BEGIN Supplied data

Lemma relabel_map_rel :
  (forall G, stable_graph g A G -> stable_graph g B (relabel s G)) ->
  forall x, cx_rel g A x -> cx_rel g B (relabel_map s x).
Proof.
move=> stab; apply: in_span_linear => _ [G [G' [c [sG sG' iso ->]]]].
rewrite linearB linearZ /= !relabel_map_gen; apply: in_span_base.
exists (relabel s G), (relabel s G'), c; split; [exact: stab | exact: stab | | by []].
exact: iso_sign_relabel (stable_graph_size sG) (stable_graph_size sG') iso.
Qed.

Lemma relabel_map_diff x : cx_chain g A x -> relabel_map s (diff x) = diff (relabel_map s x).
Proof.
apply: (in_span_linear_eq (f := relabel_map s \o diff) (h := diff \o relabel_map s)).
move=> _ [G [sG ->]] /=.
by rewrite diff_gen relabel_map_gen diff_gen dgen_relabel ?(stable_graph_size sG).
Qed.

(* The retraction [r] undoes the relabelling on the graphs that become (g, A)-stable
   and kills the others; isomorphic (g, B)-stable graphs are kept or killed together,
   so [r] maps relations to relations. *)
Lemma relabel_map_reflects_rel x :
  cx_chain g A x -> cx_rel g B (relabel_map s x) -> cx_rel g A x.
Proof.
move=> x_chain x_rel.
pose keep H := stable_graph g A (relabel s^-1 H).
pose r := fglift (fun H => if excluded_middle_informative (keep H)
                           then gen (relabel s^-1 H) else 0).
have rK : r (relabel_map s x) = x.
  apply: (in_span_linear_eq (f := r \o relabel_map s) (h := idfun) _ x_chain).
  move=> _ [G [sG ->]] /=; rewrite relabel_map_gen fglift_gen /keep.
  by rewrite relabelK ?(stable_graph_size sG) //; case: excluded_middle_informative.
have keep_iso H H' c : stable_graph g B H -> stable_graph g B H' -> iso_sign H H' c ->
    keep H <-> keep H'.
  move=> sH sH' iso.
  rewrite /keep (stable_graph_relabel _ _ sH) (stable_graph_relabel _ _ sH').
  exact: vertex_stable_iso (proj1 sH) iso.
rewrite -rK; apply: in_span_linear x_rel => _ [H [H' [c [sH sH' iso ->]]]].
rewrite linearB linearZ /= !fglift_gen.
case: excluded_middle_informative => kH; case: excluded_middle_informative => kH'.
- apply: in_span_base; exists (relabel s^-1 H), (relabel s^-1 H'), c; split=> //.
  exact: iso_sign_relabel (stable_graph_size sH) (stable_graph_size sH') iso.
- by case: kH'; apply/(keep_iso _ _ _ sH sH' iso).
- by case: kH; apply/(keep_iso _ _ _ sH sH' iso).
- by rewrite scaler0 subr0; apply: in_span0.
Qed.

End InducedMap.

Lemma induced_injective_chain_map_chamber_le g n (A B : 'I_n -> rat) (s : 'S_n) :
  weight_datum g A -> weight_datum g B -> chamber_le g A (permute_wd s^-1 B) ->
  induced_injective_chain_map g A B s.
Proof.
move=> wdA wdB leAB.
have stab G : stable_graph g A G -> stable_graph g B (relabel s G).
  move=> sG; apply/(stable_graph_relabel _ _ sG).
  apply: stable_graph_vertex_stable.
  exact: stable_graph_chamber_le wdA (weight_datum_permute _ wdB) leAB sG.
split=> //; [exact: relabel_map_rel | | exact: relabel_map_reflects_rel].
by move=> x /relabel_map_diff ->; rewrite subrr; apply: in_span0.
Qed.

Theorem mainTheorem8 (g n N : nat) (A : 'I_n -> rat) (As : nat -> 'I_n -> rat) :
  (1 <= n)%N -> (1 <= N)%N ->
  weight_datum g A -> As N = A ->
  (forall p, (1 <= p <= N)%N -> weight_datum g (As p) /\ in_chamber g (As p)) ->
  (forall p, (2 <= p <= N)%N -> orbit_le g (As p.-1) (As p)) ->
  forall p, (2 <= p <= N)%N ->
    exists s : 'S_n, induced_injective_chain_map g (As p.-1) (As p) s.
Proof.
move=> _ _ _ _ wd le p p_range.
have /wd [wdA _] : (1 <= p.-1 <= N)%N by lia.
have /wd [wdB _] : (1 <= p <= N)%N by lia.
have [u leAB] := orbit_le_chamber_le (le p p_range).
exists u^-1%g; apply: induced_injective_chain_map_chamber_le => //.
by rewrite invgK.
Qed.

END Supplied data

Exercise
Please give back exactly the lines of the listing above that run from the one containing "move=> stab; apply: in_span_linear" through the one containing "exists (relabel s G), (relabel", and only those.

Task answer
move=> stab; apply: in_span_linear => _ [G [G' [c [sG sG' iso ->]]]].
rewrite linearB linearZ /= !relabel_map_gen; apply: in_span_base.
exists (relabel s G), (relabel s G'), c; split; [exact: stab | exact: stab | | by []].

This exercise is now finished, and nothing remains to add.